Une histoire de famille
Publié le 2 novembre 2017
Avec sa gamme nineT, BMW a créé une nouvelle famille de motos classiques à moteur Boxer qui rejoint un large public. Récemment, trois collaborateurs de Motoplus ont succombé au chant des sirènes allemandes : Claude, l’artiste du groupe, a craqué pour une Pure ; Richard, le scribe, pour une Scrambler ; Pierre, notre photographe émérite, a opté pour une 9T « Black Storm Metallic/Vintage ». N’ayant pas les moyens d’acheter une moto neuve (ce n’est pas l’envie qui manque pourtant), il me restait à emprunter une Racer et la toute nouvelle Urban G/S pour faire un portrait de groupe et une balade automnale avec toute la famille BMW Classic Heritage.
Photos : Didier Constant, Dave Beaudoin, Pierre Desilets et BMW
Quand la firme allemande a présenté son nouveau bicylindre à plat à refroidissement liquide, en 2013, l’arrêt de mort du légendaire Boxer à l’air qui fêtait alors ses 90 ans de production semblait entériné.
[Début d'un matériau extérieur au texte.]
(* The Filtered Greedy Strategy (\texttt{FGS}) is a 3-approximation algorithm for \textbf{LTSP}: for every instance, the set $\mathcal B_1^{\mathrm{FGS}}$ it returns satisfies $v(\mathcal B_1^{\mathrm{FGS}})\le 3\,\mathrm{OPT}$, where $\mathrm{OPT}$ is the minimum total response time of the instance.
   Context: A single-track tape stores a sequence of files $\mathcal F=(f_1,\dots,f_n)$ laid out contiguously from left to right: file $f$ occupies blocks $l(f),\dots,r(f)$, has size $s(f)=r(f)-l(f)+1$, $l(f_1)=1$, $l(f_{i+1})=r(f_i)+1$, and $m=\sum_f s(f)$. The tape moves one block per time step; at time $0$ the head is at position $m$. A file is read when the head traverses it rightwards from $l(f)$ to $r(f)$. $\mathcal R$ is a finite set of requests, all released at time $0$, each associated with a file $f(r)$; $n(f)$ is the number of requests for $f$. A request's response time is the time at which the head starts a rightward reading traversal of its file (all pending requests of a file are serviced simultaneously). \textbf{LTSP} asks for a head movement minimizing the sum of response times. For files, $f'<f$ means $l(f')<l(f)$. A mini-batch is a pair $b=(f,f')$ of files with $l(f)\le l(f')$; $l(b)=l(f)$, $r(b)=r(f')$, $s(b)=r(b)-l(b)+1$, $\mathcal F(b)$ is the set of files $g$ with $l(b)\le l(g)$, $r(g)\le r(b)$; for a set $\mathcal B_1$, $\mathcal F(\mathcal B_1)=\bigcup_{b\in\mathcal B_1}\mathcal F(b)$, and $b<f$ means $l(b)<l(f)$. Given $\mathcal B_1$, its schedule is: Phase 1, the head moves leftwards from $m$ to $1$, and upon reaching $l(b)$ for $b\in\mathcal B_1$ executes $b$ (moves rightwards to $r(b)$, reading all files of $\mathcal F(b)$, and returns to $l(b)$), then continues leftwards; Phase 2, the head moves rightwards from $1$ to $m$ reading every file; $v(\mathcal B_1)$ is its total response time. The Greedy Strategy (\texttt{GS}) returns $\{(f,f): f\in\mathcal F\setminus\{f_1\},\ n(f)>0\}$. \texttt{FGS} starts with $\mathcal B_1$ equal to the output of \texttt{GS} and then, for $|\mathcal F|$ rounds, for each file $f\in\mathcal F(\mathcal B_1)$ (with the current $\mathcal B_1$) removes $(f,f)$ from $\mathcal B_1$ whenever $n(f)\bigl(l(f)+\sum_{b\in\mathcal B_1,\ b<f}s(b)\bigr) < s(f)\bigl(\sum_{f'\in\mathcal F,\ f'<f}n(f')+\sum_{f'\in\mathcal F\setminus\mathcal F(\mathcal B_1),\ f'>f}n(f')\bigr)$; it returns the final $\mathcal B_1$. *)

From mathcomp Require Import all_boot.
Set Implicit Arguments. Unset Strict Implicit. Unset Printing Implicit Defensive.

(* Instance.  Files f_1..f_n are indexed 0..n-1 (index i = file f_(i+1)).     *)
(*   s    : seq nat   sizes s(f) (all positive), n = size s                  *)
(*   req  : seq nat   the request set R, each request given by the index of  *)
(*                    its file f(r); n(f) = count_mem f req.                  *)
(* Tape positions are block boundaries 0..m: block p is the unit segment     *)
(* [p-1, p]; hence file f occupies [l(f)-1, r(f)], the head starts at the    *)
(* right end m, and reading f = a rightward traversal from l(f)-1 to r(f)    *)
(* (s(f) unit moves).                                                         *)

Section LTSP.
Variables (s : seq nat) (req : seq nat).

Definition nfiles := size s.
Definition sz (f : nat) : nat := nth 0 s f.
Definition mtot : nat := sumn s.
Definition lpos (f : nat) : nat := (sumn (take f s)).+1.
Definition rpos (f : nat) : nat := lpos f + sz f - 1.
Definition ledge (f : nat) : nat := sumn (take f s).
Definition nreq (f : nat) : nat := count_mem f req.

(* A head movement is the sequence of head positions at times 0,1,...,K.     *)
Definition step_ok (a b : nat) : bool := (a == b.+1) || (b == a.+1).

Definition movement (tr : seq nat) : bool :=
  [&& head 0 tr == mtot, size tr > 0, all (fun p => p <= mtot) tr
    & all (fun t => step_ok (nth 0 tr t) (nth 0 tr t.+1)) (iota 0 (size tr).-1)].

Definition reads (tr : seq nat) (f t : nat) : bool :=
  (t + sz f < size tr) &&
  all (fun k => nth 0 tr (t + k) == ledge f + k) (iota 0 (sz f).+1).

(* response time of (all pending requests of) file f: first reading start *)
Definition resp (tr : seq nat) (f : nat) : nat := find (reads tr f) (iota 0 (size tr)).

Definition serves_all (tr : seq nat) : bool :=
  all (fun f => has (reads tr f) (iota 0 (size tr))) req.

Definition feasible (tr : seq nat) : bool := movement tr && serves_all tr.

Definition total_resp (tr : seq nat) : nat := sumn [seq resp tr f | f <- req].

(* a mini-batch b = (f, f') (file indices, f <= f') *)
Definition bl (b : nat * nat) : nat := lpos b.1.
Definition br (b : nat * nat) : nat := rpos b.2.
Definition bsz (b : nat * nat) : nat := br b - bl b + 1.
Definition bledge (b : nat * nat) : nat := ledge b.1.

Definition inFB (B1 : seq (nat * nat)) (g : nat) : bool :=
  has (fun b => (bl b <= lpos g) && (rpos g <= br b)) B1.

(* executing b from its left boundary p: move right to r(b), come back to p *)
Definition detour (p q : nat) : seq nat := iota p.+1 (q - p) ++ rev (iota p (q - p)).

Definition detours_at (B1 : seq (nat * nat)) (p : nat) : seq nat :=
  flatten [seq detour p (br b) | b <- undup B1 & bledge b == p].

(* Phase 1 positions after being at p (p excluded) *)
Fixpoint phase1 (B1 : seq (nat * nat)) (p : nat) : seq nat :=
  detours_at B1 p ++ (match p with 0 => [::] | p'.+1 => p' :: phase1 B1 p' end).

Definition schedule (B1 : seq (nat * nat)) : seq nat :=
  mtot :: phase1 B1 mtot ++ iota 1 mtot.

Definition v (B1 : seq (nat * nat)) : nat := total_resp (schedule B1).

Definition GS : seq (nat * nat) :=
  [seq (f, f) | f <- iota 1 (nfiles - 1) & 0 < nreq f].

Definition fgs_cond (B1 : seq (nat * nat)) (f : nat) : bool :=
  nreq f * (lpos f + sumn [seq bsz b | b <- undup B1 & bl b < lpos f])
  < sz f * (sumn [seq nreq f' | f' <- iota 0 nfiles & f' < f]
            + sumn [seq nreq f' | f' <- iota 0 nfiles & (~~ inFB B1 f') && (f < f')]).

Definition fgs_step (B1 : seq (nat * nat)) (f : nat) : seq (nat * nat) :=
  if inFB B1 f && fgs_cond B1 f then filter (predC1 (f, f)) B1 else B1.

Definition fgs_round (B1 : seq (nat * nat)) : seq (nat * nat) :=
  foldl fgs_step B1 (iota 0 nfiles).

Definition FGS : seq (nat * nat) := iter nfiles fgs_round GS.

End LTSP.

From mathcomp Require Import all_boot zify.
Set Implicit Arguments. Unset Strict Implicit. Unset Printing Implicit Defensive.

(* Write e(f) = l(f) - 1 (ledge) for the left boundary of file f. Every head
   movement starts reading f no earlier than time m - e(f), so OPT is at least
   L = sum_f n(f) (m - e(f)).
   FGS only deletes batches from the output of GS, so it returns the singleton
   batches (f, f) of the files f in some set P. In that schedule a file of P is
   read in Phase 1 by time m - e(f) + 2 (size of the P-files right of f), any
   other file in Phase 2 by time m + 2 (size of all P-files) + e(f). Summing,
   v <= 3 L + 2 (C(P) - K(P)), where C(P) (unbatched_cost) charges each request
   of a file f outside P with e(f) plus the size of the P-files left of f, and
   K(P) (batch_budget) charges each request of f with s(f) plus the size of the
   files right of f outside P. C = 0 for GS, and deleting (f, f) changes C - K by
     n(f) (e(f) + size of the P-files left of f)
     - s(f) (requests left of f + requests right of f outside P),
   which the FGS test makes negative. So C <= K throughout, and v <= 3 L. *)

Lemma sum_nat_pred1 a c x (F : nat -> nat) :
  \sum_(a <= i < c) (if i == x then F i else 0) = if a <= x < c then F x else 0.
Proof.
case: ifP => xin.
  rewrite (bigD1_seq x) ?mem_index_iota ?iota_uniq //= eqxx big1 ?addn0 //.
  by move=> i /negbTE ->.
rewrite big_nat_cond big1 // => i /andP[ir _]; case: eqP => // e.
by rewrite -e ir in xin.
Qed.

Lemma sum_nat_pick n x (F : nat -> nat) : x < n ->
  \sum_(0 <= i < n) (if i == x then F i else 0) = F x.
Proof. by move=> xn; rewrite sum_nat_pred1 /= xn. Qed.

Lemma leq_sum_nat_subpred n (A B : pred nat) (F : nat -> nat) :
  (forall h, h < n -> A h -> B h) ->
  \sum_(0 <= h < n | A h) F h <= \sum_(0 <= h < n | B h) F h.
Proof.
by move=> AB; apply: (le_big_nat_cond leqnn (fun x y => leq_addr y x)).
Qed.

Lemma sum_seq_count_mem n (r : seq nat) (F : nat -> nat) : all (fun x => x < n) r ->
  \sum_(x <- r) F x = \sum_(0 <= i < n) count_mem i r * F i.
Proof.
elim: r => [_|x r IH /andP[xn /IH {}IH]]; first by rewrite big_nil big1.
rewrite big_cons IH -(sum_nat_pick F xn) -big_split /=.
apply: eq_bigr => i _; rewrite mulnDl [x == i]eq_sym.
by case: (i == x); rewrite ?mul1n ?mul0n.
Qed.

Lemma drop_cons_cat_last (T : Type) (x : T) l r :
  drop (size l) (x :: l ++ r) = last x l :: r.
Proof. by elim: l x => [|y l IH] x //=. Qed.

Section TapeLayout.
Variable s : seq nat.
Hypothesis s_gt0 : all (fun x => 0 < x) s.
Local Notation n := (size s).

Lemma sz_gt0 h : h < n -> 0 < sz s h.
Proof. by move=> hn; apply: (allP s_gt0); rewrite mem_nth. Qed.

Lemma ledgeE g : g <= n -> ledge s g = \sum_(0 <= h < g) sz s h.
Proof.
elim: g => [|g IH] gn; first by rewrite /ledge take0 big_geq.
rewrite /ledge (take_nth 0) // -cats1 sumn_cat /= addn0 big_nat_recr //=.
by rewrite -(IH (ltnW gn)).
Qed.

Lemma mtot_ledge : mtot s = ledge s n.
Proof. by rewrite /ledge take_size. Qed.

Lemma mtot_split g : g < n ->
  mtot s = ledge s g + sz s g + \sum_(0 <= h < n | g < h) sz s h.
Proof.
move=> gn; rewrite mtot_ledge !ledgeE ?(ltnW gn) // -big_nat_recr //=.
by rewrite (big_cat_nat (leq0n g.+1) gn) /= (@big_nat_widenl _ _ _ g.+1 0).
Qed.

Lemma ledge_sz_leq g h : g < h -> h <= n -> ledge s g + sz s g <= ledge s h.
Proof.
move=> gh hn; rewrite !ledgeE ?(leq_trans (ltnW gh)) // -big_nat_recr //=.
by rewrite (big_cat_nat (leq0n g.+1) gh) leq_addr.
Qed.

Lemma ltn_ledge g h : g < n -> h < n -> (ledge s g < ledge s h) = (g < h).
Proof.
move=> gn hn; case: (ltngtP g h) => [gh|hg|->]; last by rewrite ltnn.
  by have := ledge_sz_leq gh (ltnW hn); have := sz_gt0 gn; lia.
by have := ledge_sz_leq hg (ltnW gn); lia.
Qed.

Lemma ledge_inj g h : g < n -> h < n -> ledge s g = ledge s h -> g = h.
Proof.
move=> gn hn e; case: (ltngtP g h) => // [gh|hg].
  by move: (ltn_ledge gn hn); rewrite e ltnn gh.
by move: (ltn_ledge hn gn); rewrite e ltnn hg.
Qed.

End TapeLayout.

Section Potential.
Variables (s req : seq nat).
Local Notation n := (size s).
Implicit Types (P : pred nat) (f g : nat).

Definition batched_left P g := \sum_(0 <= h < n | P h && (h < g)) sz s h.
Definition unbatched_right P g := \sum_(0 <= h < n | ~~ P h && (g < h)) sz s h.
Definition nreq_left f := \sum_(0 <= g < n | g < f) nreq req g.
Definition nreq_unbatched_right P f := \sum_(0 <= g < n | ~~ P g && (f < g)) nreq req g.

Definition unbatched_cost P :=
  \sum_(0 <= g < n) nreq req g * (if P g then 0 else ledge s g + batched_left P g).
Definition batch_budget P :=
  \sum_(0 <= g < n) nreq req g * (sz s g + unbatched_right P g).

Variables (P : pred nat) (f : nat).
Hypotheses (fn : f < n) (Pf : P f).
Local Notation P' := (predD1 P f).

Lemma unbatched_right_predD1 g :
  unbatched_right P' g = unbatched_right P g + (if g < f then sz s f else 0).
Proof.
rewrite -(sum_nat_pick (fun h => if g < h then sz s h else 0) fn) /unbatched_right.
rewrite big_mkcond [in RHS]big_mkcond -big_split /=; apply: eq_bigr => h _.
by case: (eqVneq h f) => [->|]; rewrite ?Pf //= addn0.
Qed.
Mais, heureusement pour nous, BMW a décidé de lui accorder un sursis et lançait, l’année suivante, la 9T, un roadster néo-rétro au look épuré et sexy qui a immédiatement séduit son public.
BMW récidivait en 2016 avec la présentation de la nineT Scrambler, une évolution à saveur tout-terrain classique qui se démarquait par sa roue avant de 19 pouces, ses pneus à crampons (optionnels) et son échappement double relevé.
Pour 2017, BMW enfonce le clou et présente trois nouveautés sur base nineT — la Racer, la Pure et l’Urban G/S —, créant de facto une toute nouvelle famille de motos à moteur Boxer au sein même de la légendaire gamme R.
Portrait de famille
Pour 2017, la 9T évolue en douceur, pour se conformer à la norme Euro 4. La partie cycle adopte désormais une fourche inversée de 46 mm entièrement réglable. À l’arrière, le bras oscillant Paralever est inchangé, mais il est désormais peint en noir, comme le carter de couple conique.
La géométrie de direction (chasse de 26,8°, déport de 1079 mm) a été altérée pour offrir une meilleure stabilité et une précision renforcée. De nouvelles jantes à rayons font leur apparition.
L’instrumentation évolue également et se compose d’un compteur de vitesse et d’un compte-tours ronds analogiques qui incorporent chacun un mini écran numérique rectangulaire pour les informations vitales.
En option, deux coloris spécifiques sont offerts. Le premier appelé « Black Storm Metallic/Vintage » arbore un gros numéro 21 noir sur fond jaune avec un capot de selle assorti. Le second, « Blue Planet Metallic /Aluminium » se démarque par sa peinture bleu métallique associée à des touches aluminium et à un liseré doré.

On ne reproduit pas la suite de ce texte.